#### Information

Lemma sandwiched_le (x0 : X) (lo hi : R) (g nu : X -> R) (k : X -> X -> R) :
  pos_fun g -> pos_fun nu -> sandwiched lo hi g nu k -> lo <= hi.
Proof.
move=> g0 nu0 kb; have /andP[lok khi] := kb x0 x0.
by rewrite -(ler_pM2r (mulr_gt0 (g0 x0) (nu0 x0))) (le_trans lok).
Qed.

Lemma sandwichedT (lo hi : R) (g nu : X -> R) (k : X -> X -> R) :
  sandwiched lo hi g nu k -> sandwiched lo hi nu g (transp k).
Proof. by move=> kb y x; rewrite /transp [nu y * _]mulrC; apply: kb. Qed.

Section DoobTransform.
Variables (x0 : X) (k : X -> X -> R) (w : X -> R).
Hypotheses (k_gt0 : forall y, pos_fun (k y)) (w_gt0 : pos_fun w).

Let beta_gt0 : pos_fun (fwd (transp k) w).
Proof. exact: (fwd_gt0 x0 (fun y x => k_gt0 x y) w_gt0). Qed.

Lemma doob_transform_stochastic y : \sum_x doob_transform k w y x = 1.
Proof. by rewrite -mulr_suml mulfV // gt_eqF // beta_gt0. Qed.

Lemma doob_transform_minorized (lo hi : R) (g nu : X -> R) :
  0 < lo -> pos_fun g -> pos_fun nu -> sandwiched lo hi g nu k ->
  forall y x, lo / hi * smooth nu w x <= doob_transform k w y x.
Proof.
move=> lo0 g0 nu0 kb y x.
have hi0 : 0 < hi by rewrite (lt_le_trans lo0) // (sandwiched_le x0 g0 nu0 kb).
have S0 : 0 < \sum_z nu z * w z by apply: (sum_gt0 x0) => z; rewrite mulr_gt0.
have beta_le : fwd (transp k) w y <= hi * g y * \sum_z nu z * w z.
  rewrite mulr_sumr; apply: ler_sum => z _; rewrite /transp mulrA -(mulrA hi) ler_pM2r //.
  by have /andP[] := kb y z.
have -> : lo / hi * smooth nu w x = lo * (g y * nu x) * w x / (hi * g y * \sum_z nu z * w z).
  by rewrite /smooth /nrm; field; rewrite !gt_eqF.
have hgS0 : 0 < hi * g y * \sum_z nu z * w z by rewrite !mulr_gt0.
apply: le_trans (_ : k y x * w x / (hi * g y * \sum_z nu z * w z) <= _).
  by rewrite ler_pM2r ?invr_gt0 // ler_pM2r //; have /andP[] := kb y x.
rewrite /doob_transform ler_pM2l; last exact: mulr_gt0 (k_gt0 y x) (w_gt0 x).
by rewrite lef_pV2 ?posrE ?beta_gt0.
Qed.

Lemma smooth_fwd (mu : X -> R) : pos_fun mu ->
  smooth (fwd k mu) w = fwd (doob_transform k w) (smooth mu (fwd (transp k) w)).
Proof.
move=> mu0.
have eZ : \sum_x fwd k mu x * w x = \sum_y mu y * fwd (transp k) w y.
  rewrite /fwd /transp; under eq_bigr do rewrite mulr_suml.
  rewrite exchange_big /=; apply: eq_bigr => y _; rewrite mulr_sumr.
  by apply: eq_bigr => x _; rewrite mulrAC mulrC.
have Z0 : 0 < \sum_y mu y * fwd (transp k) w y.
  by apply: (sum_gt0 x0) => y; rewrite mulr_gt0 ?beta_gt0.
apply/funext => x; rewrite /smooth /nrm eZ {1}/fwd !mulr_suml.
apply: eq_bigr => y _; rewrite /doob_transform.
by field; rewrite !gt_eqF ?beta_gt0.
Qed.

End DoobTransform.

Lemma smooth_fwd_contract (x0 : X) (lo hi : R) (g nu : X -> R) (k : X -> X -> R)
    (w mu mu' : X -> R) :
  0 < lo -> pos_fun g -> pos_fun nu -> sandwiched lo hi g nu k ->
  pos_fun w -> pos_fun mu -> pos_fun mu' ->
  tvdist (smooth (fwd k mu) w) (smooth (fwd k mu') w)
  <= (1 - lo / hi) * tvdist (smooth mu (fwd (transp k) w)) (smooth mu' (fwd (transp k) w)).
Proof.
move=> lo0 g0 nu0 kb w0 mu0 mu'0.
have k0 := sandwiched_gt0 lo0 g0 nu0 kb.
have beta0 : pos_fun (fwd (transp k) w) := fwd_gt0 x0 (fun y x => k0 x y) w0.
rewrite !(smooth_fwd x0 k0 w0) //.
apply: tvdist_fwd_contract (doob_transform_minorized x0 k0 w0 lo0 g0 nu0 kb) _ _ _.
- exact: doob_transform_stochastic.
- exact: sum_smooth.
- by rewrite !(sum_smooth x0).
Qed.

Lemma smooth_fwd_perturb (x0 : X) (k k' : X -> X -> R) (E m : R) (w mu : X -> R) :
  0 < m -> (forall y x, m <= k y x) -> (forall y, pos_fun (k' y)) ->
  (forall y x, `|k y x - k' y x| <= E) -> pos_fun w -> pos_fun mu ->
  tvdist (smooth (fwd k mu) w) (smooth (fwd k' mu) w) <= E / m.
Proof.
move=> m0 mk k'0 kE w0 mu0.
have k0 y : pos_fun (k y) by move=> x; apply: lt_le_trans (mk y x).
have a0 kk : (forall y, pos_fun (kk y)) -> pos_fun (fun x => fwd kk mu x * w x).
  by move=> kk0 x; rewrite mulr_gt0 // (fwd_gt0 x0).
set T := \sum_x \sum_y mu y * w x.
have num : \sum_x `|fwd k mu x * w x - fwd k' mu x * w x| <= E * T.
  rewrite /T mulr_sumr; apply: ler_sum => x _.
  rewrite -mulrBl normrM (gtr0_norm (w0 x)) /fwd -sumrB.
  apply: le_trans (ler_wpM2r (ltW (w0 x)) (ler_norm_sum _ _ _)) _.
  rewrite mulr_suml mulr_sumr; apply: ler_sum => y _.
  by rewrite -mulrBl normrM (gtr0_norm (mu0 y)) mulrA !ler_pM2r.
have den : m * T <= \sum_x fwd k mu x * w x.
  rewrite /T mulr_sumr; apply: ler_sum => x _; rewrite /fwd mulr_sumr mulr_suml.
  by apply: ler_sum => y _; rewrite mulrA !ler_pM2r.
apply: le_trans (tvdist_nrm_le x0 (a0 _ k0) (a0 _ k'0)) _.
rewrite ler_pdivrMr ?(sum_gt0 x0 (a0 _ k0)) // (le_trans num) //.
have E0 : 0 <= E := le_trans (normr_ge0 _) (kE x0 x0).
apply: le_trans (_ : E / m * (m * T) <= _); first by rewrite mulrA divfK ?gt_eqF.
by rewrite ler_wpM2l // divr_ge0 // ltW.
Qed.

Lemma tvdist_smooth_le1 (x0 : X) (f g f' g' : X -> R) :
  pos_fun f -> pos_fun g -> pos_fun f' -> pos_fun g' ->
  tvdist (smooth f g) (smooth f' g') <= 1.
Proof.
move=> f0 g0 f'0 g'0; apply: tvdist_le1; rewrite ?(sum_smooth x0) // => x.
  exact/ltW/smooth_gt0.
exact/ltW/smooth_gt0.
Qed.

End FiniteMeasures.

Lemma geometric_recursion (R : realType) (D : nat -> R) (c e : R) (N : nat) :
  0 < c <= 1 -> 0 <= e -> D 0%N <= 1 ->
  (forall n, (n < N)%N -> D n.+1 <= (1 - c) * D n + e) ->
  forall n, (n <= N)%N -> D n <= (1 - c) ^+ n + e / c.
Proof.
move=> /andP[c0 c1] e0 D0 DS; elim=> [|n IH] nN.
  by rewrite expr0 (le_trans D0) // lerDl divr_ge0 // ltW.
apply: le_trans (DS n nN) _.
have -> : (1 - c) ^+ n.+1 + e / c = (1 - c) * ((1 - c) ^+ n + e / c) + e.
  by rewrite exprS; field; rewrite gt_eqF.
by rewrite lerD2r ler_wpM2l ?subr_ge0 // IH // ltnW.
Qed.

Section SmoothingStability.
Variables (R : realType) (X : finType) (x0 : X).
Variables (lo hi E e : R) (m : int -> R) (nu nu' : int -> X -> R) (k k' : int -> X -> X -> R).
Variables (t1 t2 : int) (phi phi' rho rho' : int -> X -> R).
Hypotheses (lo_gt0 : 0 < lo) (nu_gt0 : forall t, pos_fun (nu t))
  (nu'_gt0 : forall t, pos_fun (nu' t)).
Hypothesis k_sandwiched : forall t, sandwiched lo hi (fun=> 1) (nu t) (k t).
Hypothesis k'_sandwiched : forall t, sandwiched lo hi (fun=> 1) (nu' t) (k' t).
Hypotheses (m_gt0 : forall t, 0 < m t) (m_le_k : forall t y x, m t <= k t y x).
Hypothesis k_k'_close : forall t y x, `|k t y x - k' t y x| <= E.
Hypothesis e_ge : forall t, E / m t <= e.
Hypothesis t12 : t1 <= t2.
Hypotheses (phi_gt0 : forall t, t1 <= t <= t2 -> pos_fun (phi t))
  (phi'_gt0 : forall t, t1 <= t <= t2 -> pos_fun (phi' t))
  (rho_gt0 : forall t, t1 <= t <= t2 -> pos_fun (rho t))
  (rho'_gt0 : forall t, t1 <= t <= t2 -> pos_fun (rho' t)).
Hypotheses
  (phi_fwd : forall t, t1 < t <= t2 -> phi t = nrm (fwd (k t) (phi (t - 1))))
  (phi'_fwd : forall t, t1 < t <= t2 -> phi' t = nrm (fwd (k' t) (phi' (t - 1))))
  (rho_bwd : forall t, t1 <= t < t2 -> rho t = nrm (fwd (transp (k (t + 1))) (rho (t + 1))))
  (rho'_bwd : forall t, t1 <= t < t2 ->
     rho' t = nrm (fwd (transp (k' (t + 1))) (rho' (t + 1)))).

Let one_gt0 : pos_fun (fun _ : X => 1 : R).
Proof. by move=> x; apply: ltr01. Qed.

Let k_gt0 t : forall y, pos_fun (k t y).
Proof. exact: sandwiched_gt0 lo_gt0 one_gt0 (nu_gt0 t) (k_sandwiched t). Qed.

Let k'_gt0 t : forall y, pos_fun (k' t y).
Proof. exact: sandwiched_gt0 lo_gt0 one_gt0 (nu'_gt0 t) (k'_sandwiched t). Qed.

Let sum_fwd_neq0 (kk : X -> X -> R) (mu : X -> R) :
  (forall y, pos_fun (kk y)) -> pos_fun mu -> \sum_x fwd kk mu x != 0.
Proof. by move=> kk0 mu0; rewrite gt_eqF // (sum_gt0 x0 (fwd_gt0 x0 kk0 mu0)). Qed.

########
#### Information

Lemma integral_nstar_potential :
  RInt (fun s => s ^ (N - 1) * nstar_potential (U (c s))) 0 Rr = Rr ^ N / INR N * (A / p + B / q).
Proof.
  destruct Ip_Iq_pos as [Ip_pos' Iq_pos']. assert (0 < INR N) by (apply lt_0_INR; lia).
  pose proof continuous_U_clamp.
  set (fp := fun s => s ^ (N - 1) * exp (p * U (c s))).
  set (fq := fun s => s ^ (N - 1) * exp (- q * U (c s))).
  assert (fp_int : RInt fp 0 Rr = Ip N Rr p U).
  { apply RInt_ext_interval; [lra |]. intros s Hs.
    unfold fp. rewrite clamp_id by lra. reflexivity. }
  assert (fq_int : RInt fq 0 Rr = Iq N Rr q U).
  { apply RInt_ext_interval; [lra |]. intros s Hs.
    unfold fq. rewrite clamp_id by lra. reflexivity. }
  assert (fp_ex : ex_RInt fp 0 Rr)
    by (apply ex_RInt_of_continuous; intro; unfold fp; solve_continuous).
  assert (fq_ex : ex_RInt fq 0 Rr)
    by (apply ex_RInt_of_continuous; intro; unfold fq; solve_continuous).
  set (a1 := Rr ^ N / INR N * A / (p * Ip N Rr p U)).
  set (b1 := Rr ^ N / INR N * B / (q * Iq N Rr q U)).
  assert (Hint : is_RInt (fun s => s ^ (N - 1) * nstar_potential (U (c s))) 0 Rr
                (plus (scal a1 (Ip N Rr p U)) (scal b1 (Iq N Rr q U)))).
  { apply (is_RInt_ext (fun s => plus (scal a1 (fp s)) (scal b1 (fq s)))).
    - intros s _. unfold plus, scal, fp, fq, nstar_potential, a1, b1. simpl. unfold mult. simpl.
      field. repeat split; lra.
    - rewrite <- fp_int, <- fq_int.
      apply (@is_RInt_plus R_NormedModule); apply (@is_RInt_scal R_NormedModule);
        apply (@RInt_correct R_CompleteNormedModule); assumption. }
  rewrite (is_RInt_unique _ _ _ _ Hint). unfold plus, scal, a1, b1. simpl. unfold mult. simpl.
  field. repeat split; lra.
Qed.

########
#### Information

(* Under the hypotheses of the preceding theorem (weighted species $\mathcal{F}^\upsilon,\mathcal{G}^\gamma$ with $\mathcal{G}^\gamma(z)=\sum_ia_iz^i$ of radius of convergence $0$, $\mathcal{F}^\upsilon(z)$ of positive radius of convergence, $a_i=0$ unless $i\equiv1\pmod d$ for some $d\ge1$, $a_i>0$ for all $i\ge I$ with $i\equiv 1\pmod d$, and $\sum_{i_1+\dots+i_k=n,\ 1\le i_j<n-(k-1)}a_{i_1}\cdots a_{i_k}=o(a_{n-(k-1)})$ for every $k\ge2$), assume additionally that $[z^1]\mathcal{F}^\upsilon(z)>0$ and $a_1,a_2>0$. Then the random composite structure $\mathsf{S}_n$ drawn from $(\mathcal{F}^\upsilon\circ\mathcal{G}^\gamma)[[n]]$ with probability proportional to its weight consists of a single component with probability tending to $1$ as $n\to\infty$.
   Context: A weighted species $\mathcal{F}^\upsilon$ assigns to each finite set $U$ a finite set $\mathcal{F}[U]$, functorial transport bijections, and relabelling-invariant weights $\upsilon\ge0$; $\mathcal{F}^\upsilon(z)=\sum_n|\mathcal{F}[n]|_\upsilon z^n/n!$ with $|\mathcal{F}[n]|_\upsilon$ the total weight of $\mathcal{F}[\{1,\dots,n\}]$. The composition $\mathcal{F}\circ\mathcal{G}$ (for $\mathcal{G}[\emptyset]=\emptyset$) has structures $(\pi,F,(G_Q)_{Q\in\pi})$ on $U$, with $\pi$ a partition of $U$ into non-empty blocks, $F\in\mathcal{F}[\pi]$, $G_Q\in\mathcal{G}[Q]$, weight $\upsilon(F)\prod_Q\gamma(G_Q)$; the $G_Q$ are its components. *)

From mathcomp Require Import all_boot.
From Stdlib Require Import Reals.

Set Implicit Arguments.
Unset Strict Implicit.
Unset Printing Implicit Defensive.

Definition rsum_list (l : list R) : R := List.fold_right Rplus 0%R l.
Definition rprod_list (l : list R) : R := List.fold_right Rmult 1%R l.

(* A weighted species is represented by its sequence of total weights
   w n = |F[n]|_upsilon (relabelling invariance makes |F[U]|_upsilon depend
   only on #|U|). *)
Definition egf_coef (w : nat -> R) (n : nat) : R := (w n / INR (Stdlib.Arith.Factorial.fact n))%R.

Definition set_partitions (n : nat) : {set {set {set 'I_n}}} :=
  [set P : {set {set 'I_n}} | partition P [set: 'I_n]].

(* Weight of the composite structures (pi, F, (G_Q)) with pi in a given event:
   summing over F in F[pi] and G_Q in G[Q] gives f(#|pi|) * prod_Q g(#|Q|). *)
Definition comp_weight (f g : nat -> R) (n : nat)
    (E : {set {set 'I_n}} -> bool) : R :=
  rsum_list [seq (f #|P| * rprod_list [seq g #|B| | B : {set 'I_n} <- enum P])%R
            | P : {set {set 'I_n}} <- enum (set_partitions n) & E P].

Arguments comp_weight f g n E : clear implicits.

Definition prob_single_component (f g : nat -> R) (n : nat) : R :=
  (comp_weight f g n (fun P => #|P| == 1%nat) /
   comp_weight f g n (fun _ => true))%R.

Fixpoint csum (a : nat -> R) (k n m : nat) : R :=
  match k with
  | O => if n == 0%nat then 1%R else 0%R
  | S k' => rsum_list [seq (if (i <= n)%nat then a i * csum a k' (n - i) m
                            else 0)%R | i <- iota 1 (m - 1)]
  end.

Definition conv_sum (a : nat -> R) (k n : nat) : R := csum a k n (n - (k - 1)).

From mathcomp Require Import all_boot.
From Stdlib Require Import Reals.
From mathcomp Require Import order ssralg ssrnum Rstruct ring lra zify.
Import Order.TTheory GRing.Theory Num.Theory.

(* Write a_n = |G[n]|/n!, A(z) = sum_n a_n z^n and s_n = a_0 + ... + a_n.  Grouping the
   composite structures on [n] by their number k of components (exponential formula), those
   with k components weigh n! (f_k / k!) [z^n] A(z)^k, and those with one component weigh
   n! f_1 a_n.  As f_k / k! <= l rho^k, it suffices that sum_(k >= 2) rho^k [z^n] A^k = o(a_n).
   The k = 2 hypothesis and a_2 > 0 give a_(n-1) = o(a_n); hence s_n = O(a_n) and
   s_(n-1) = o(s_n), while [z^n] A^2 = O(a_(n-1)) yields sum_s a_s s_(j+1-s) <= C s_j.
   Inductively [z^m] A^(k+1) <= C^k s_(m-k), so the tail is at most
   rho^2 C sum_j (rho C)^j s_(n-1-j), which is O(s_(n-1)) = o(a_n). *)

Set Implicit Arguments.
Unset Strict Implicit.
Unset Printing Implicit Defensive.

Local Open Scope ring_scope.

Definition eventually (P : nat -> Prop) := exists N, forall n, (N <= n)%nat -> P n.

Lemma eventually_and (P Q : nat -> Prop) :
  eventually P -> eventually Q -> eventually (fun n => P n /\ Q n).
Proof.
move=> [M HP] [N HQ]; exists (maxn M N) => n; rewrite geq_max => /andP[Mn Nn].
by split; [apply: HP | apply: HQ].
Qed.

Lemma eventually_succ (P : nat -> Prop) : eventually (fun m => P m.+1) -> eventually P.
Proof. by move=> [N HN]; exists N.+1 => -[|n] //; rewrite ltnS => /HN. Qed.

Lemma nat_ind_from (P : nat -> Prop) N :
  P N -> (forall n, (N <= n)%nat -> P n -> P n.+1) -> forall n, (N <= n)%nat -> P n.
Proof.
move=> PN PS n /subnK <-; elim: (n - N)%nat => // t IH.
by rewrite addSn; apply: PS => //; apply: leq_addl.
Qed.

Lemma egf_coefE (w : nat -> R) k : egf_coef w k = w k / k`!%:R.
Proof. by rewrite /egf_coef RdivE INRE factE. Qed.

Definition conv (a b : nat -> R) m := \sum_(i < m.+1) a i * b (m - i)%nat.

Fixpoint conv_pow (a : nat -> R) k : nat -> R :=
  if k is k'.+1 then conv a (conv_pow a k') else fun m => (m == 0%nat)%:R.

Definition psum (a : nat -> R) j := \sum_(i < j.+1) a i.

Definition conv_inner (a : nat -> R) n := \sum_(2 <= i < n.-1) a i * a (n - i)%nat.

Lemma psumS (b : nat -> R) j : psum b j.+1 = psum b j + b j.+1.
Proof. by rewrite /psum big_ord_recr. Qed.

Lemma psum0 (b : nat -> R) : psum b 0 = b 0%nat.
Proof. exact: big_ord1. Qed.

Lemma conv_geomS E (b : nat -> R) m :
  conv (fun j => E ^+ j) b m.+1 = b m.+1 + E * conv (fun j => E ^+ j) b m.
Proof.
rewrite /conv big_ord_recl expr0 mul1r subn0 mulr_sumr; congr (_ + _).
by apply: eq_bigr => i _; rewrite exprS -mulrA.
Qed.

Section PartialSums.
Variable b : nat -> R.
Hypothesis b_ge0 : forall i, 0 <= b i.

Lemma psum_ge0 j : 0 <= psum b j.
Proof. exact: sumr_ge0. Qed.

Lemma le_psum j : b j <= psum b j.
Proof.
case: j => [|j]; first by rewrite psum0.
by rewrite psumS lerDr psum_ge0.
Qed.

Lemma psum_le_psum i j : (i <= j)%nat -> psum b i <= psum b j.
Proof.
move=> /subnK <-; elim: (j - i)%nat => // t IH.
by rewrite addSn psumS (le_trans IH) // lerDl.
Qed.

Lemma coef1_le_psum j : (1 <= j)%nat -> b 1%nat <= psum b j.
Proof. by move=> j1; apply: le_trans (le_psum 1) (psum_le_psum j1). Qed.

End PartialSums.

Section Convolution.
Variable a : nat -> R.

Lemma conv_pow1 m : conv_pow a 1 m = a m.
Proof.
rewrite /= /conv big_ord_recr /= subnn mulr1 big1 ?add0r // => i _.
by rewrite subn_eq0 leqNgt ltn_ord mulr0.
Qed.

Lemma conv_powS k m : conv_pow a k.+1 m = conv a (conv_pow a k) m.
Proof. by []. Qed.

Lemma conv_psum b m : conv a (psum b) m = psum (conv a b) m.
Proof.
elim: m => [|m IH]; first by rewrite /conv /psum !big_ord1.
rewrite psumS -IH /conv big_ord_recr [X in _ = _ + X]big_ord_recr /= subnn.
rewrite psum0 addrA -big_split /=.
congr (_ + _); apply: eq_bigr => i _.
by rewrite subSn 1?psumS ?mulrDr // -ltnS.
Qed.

########

## What to do
Exactly how many lines of the listing above contain the string "field"? Give no more than the number.

## Task result
5